# <a id='toc1_'></a>[Build Agentic Rag with langgraph](#toc0_)
https://langchain-ai.github.io/langgraph/tutorials/rag/langgraph_agentic_rag/

**Table of contents**<a id='toc0_'></a>    
- [Build Agentic Rag with langgraph](#toc1_)    
- [Process Documents](#toc2_)    
- [Create the retrieval tools](#toc3_)    
  - [Store in a vector store (FAISS)](#toc3_1_)    
- [Grade documents](#toc4_)    
- [Rewrite question](#toc5_)    
      - [Test de reecriture de la question apres une reponse non concluante du tool](#toc5_1_1_1_)    
- [Generate an answer](#toc6_)    
      - [Test de la generation de reponse](#toc6_1_1_1_)    
- [Assemble the graph](#toc7_)    
- [Run the agentic RAG](#toc8_)    

<!-- vscode-jupyter-toc-config
	numbering=false
	anchor=true
	flat=false
	minLevel=1
	maxLevel=6
	/vscode-jupyter-toc-config -->
<!-- THIS CELL WILL BE REPLACED ON TOC UPDATE. DO NOT WRITE YOUR TEXT IN THIS CELL -->

In [78]:
# %%capture --no-stderr
# %pip install -U --quiet langgraph "langchain[openai]" langchain-community langchain-text-splitters

In [79]:
import os

from langchain_community.document_loaders import PyPDFLoader
from langchain_community.embeddings import HuggingFaceBgeEmbeddings
from langchain_community.vectorstores import FAISS
from langchain_experimental.text_splitter import SemanticChunker
from langchain_openai import ChatOpenAI
from langgraph.graph import MessagesState
from dotenv import load_dotenv

load_dotenv()

PDF_PATH = "./data"
EMBEDDING_MODEL_PATH = "./models/sentence_transformers"
SAMPLE_QUERY= "Quels sont les principaux composants du modèle Transformer ?"
SAMPLE_YES = "Les principaux composants du modèle Transformer sont l'encodeur, le décodeur, et le mécanisme d'attention."

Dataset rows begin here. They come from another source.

Lemma maximal_avoiding_exp_prime J c :
  ideal J -> (forall k, ~ J (c ^+ k)) ->
  (forall J', ideal J' -> (forall k, ~ J' (c ^+ k)) ->
     (forall r, J r -> J' r) -> forall r, J' r -> J r) ->
  prime_ideal J.
Proof.
move=> JI Jc Jmax; split=> //; split; first by move=> J1; apply: (Jc 0%N); rewrite expr0.
case: (JI) => [J0 [JD JM]].
have Jz_exp z : ~ J z -> exists k j r, J j /\ c ^+ k = j + r * z.
  move=> NJz; apply: NNPP => NJzc.
  pose Jz w := exists j r, J j /\ w = j + r * z.
  apply: NJz; apply: (Jmax Jz); last by exists 0, 1; rewrite mul1r add0r.
  - split; first by exists 0, 0; rewrite mul0r addr0.
    split.
      move=> _ _ [j1 [r1 [Jj1 ->]]] [j2 [r2 [Jj2 ->]]]; exists (j1 + j2), (r1 + r2).
      by split; [apply: JD | ring].
    move=> r _ [j1 [r1 [Jj1 ->]]]; exists (r * j1), (r * r1).
    by split; [apply: JM | ring].
  - by move=> k [j [r [Jj Ec]]]; apply: NJzc; exists k, j, r.
  - by move=> u Ju; exists u, 0; rewrite mul0r addr0.
move=> x y Jxy; apply: NNPP => NJxy.
have [k1 [j1 [r1 [Jj1 Ex]]]] := Jz_exp x (fun Jx => NJxy (or_introl Jx)).
have [k2 [j2 [r2 [Jj2 Ey]]]] := Jz_exp y (fun Jy => NJxy (or_intror Jy)).
apply: (Jc (k1 + k2)%N); rewrite exprD Ex Ey.
have -> : (j1 + r1 * x) * (j2 + r2 * y) =
    (j2 + r2 * y) * j1 + (r1 * x * j2 + r1 * r2 * (x * y)) by ring.
by apply: (JD); [apply: JM | apply: (JD); apply: (JM)].
Qed.

(* Otherwise the ideals containing [I] and no power of [c] have a maximal
   element, which is a prime containing [I] and avoiding [c]. *)
Lemma exp_mem_ideal I c : noetherian_ring R -> ideal I ->
  (forall q, prime_ideal q -> ~ q c -> exists2 r, I r & ~ q r) ->
  exists k, I (c ^+ k).
Proof.
move=> noethR II Icover; apply: NNPP => NIc.
pose F J := [/\ ideal J, forall r, I r -> J r & forall k, ~ J (c ^+ k)].
have [J [JI IJ Jc] Jmax] : exists2 J, F J & forall J', F J' ->
    (forall r, J r -> J' r) -> forall r, J' r -> J r.
  apply: (noetherian_maximal (J0 := I)) => //; first by move=> J [].
  by split=> // k Ick; apply: NIc; exists k.
have Jprime : prime_ideal J.
  apply: maximal_avoiding_exp_prime => // J' J'I J'c JJ'.
  by apply: Jmax => //; split=> // r /IJ /JJ'.
have [r Ir NJr] := Icover J Jprime (fun Jc1 => Jc 1%N ltac:(by rewrite expr1)).
exact: NJr (IJ r Ir).
Qed.

Lemma exp_mem_ideal_span (A : Type) (f : A -> R) c : noetherian_ring R ->
  (forall q, prime_ideal q -> ~ q c -> exists x, ~ q (f x)) ->
  exists k, ideal_span f (c ^+ k).
Proof.
move=> noethR fcover; apply: exp_mem_ideal => //; first exact: ideal_span_ideal.
by move=> q qP qNc; have [x qNfx] := fcover q qP qNc; exists (f x) => //; apply: ideal_span_gen.
Qed.

End Ideals.

Section Fractions.
Variables (R : comPzRingType) (N : lmodType R).
Implicit Types (p q : R -> Prop) (x y z : N * R).

Definition cross_diff x y : N := y.2 *: x.1 - x.2 *: y.1.

Lemma loc_eq_of_cross p x y : ~ p 1 -> y.2 *: x.1 = x.2 *: y.1 -> loc_eq p x y.
Proof. by move=> pN1 Exy; exists 1; rewrite Exy subrr scaler0. Qed.

Lemma loc_eq_sym p x y : loc_eq p x y -> loc_eq p y x.
Proof. by move=> [t [pNt Et]]; exists t; rewrite -opprB scalerN Et oppr0. Qed.

Lemma loc_eq_trans p x y z : prime_ideal p -> ~ p y.2 ->
  loc_eq p x y -> loc_eq p y z -> loc_eq p x z.
Proof.
case: x y z => [x1 x2] [y1 y2] [z1 z2] pP pNy [t1 [pNt1 E1]] [t2 [pNt2 E2]] /=.
exists (t1 * t2 * y2); split; first by do 2 apply: prime_notM => //.
rewrite -scalerA; have -> : y2 *: (z2 *: x1 - x2 *: z1) =
    z2 *: (y2 *: x1 - x2 *: y1) + x2 *: (z2 *: y1 - y2 *: z1).
  rewrite !scalerBr !scalerA [z2 * x2]mulrC [y2 * z2]mulrC [y2 * x2]mulrC.
  by rewrite addrA subrK.
rewrite scalerDr !scalerA.
rewrite (_ : t1 * t2 * z2 = t2 * z2 * t1); last by ring.
rewrite (_ : t1 * t2 * x2 = t1 * x2 * t2); last by ring.
by rewrite -!scalerA E1 E2 !scaler0 addr0.
Qed.

Lemma loc_eq_of_killed p x y e : prime_ideal p -> ~ p x.2 -> ~ p y.2 ->
  (x.2 * y.2) ^+ e *: cross_diff x y = 0 -> loc_eq p x y.
Proof.
move=> pP pNx pNy Exy; exists ((x.2 * y.2) ^+ e); split=> //.
by apply: prime_notX => //; apply: prime_notM.
Qed.

Lemma ann_ideal (v : N) : ideal (fun r => r *: v = 0).
Proof.
split; first by rewrite scale0r.
split; first by move=> r s rv sv; rewrite scalerDl rv sv addr0.
by move=> r s sv; rewrite -scalerA sv scaler0.
Qed.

# <a id='toc2_'></a>[Process Documents](#toc0_)

In [80]:
def load_pdf_from_directory(dir_path: str):
    """Load local pdf files as Langchain document objects"""
    documents = []
    for filename in os.listdir(dir_path):
        file_path = os.path.join(dir_path, filename)
        if os.path.isfile(file_path) and filename.lower().endswith('.pdf'):
            try:
                loader = PyPDFLoader(file_path)
                documents.extend(loader.load())
            except Exception as e:
                print(f"Error loading file {filename}: {e}")
    return documents




docs_before_split = load_pdf_from_directory(PDF_PATH)
print(docs_before_split[1].page_content)

1 Introduction
Recurrent neural networks, long short-term memory [13] and gated recurrent [7] neural networks
in particular, have been firmly established as state of the art approaches in sequence modeling and
transduction problems such as language modeling and machine translation [ 35, 2, 5]. Numerous
efforts have since continued to push the boundaries of recurrent language models and encoder-decoder
architectures [38, 24, 15].
Recurrent models typically factor computation along the symbol positions of the input and output
sequences. Aligning the positions to steps in computation time, they generate a sequence of hidden
states ht, as a function of the previous hidden state ht−1 and the input for position t. This inherently
sequential nature precludes parallelization within training examples, which becomes critical at longer
sequence lengths, as memory constraints limit batching across examples. Recent work has achieved
significant improvements in computational efficiency through facto

# <a id='toc3_'></a>[Create the retrieval tools](#toc0_)

In [81]:
huggingface_embedding_model = HuggingFaceBgeEmbeddings(
    model_name=EMBEDDING_MODEL_PATH,
    model_kwargs={"device": "cpu"},
    encode_kwargs={"normalize_embeddings": True},
)


# Initialiser le chunker
text_splitter = SemanticChunker(huggingface_embedding_model)

# Decoupe des data en chunks
docs_after_split = text_splitter.split_documents(docs_before_split)

## <a id='toc3_1_'></a>[Store in a vector store (FAISS)](#toc0_)

In [82]:
vectorstore = FAISS.from_documents(docs_after_split, huggingface_embedding_model)

In [83]:
retriever = vectorstore.as_retriever(search_type="similarity", search_kwargs={"k": 3})

In [84]:
from langchain_core.messages import HumanMessage, ToolMessage
from langchain.tools.retriever import create_retriever_tool

# Initialiser le modèle
response_model = ChatOpenAI(
    model=os.getenv("MODEL_NAME"),
    openai_api_key=os.getenv("OPENAI_API_KEY"),
    openai_api_base=os.getenv("OPENAI_API_BASE"),
    max_tokens=8000,
    temperature=0,
)

# Créer l'outil de récupération
retriever_tool = create_retriever_tool(
    retriever=retriever,
    name="retrieve_blog_posts",
    description="Search and return information about attention is all you need paper.",
)

# Lier l'outil au modèle
model_with_tools = response_model.bind_tools([retriever_tool])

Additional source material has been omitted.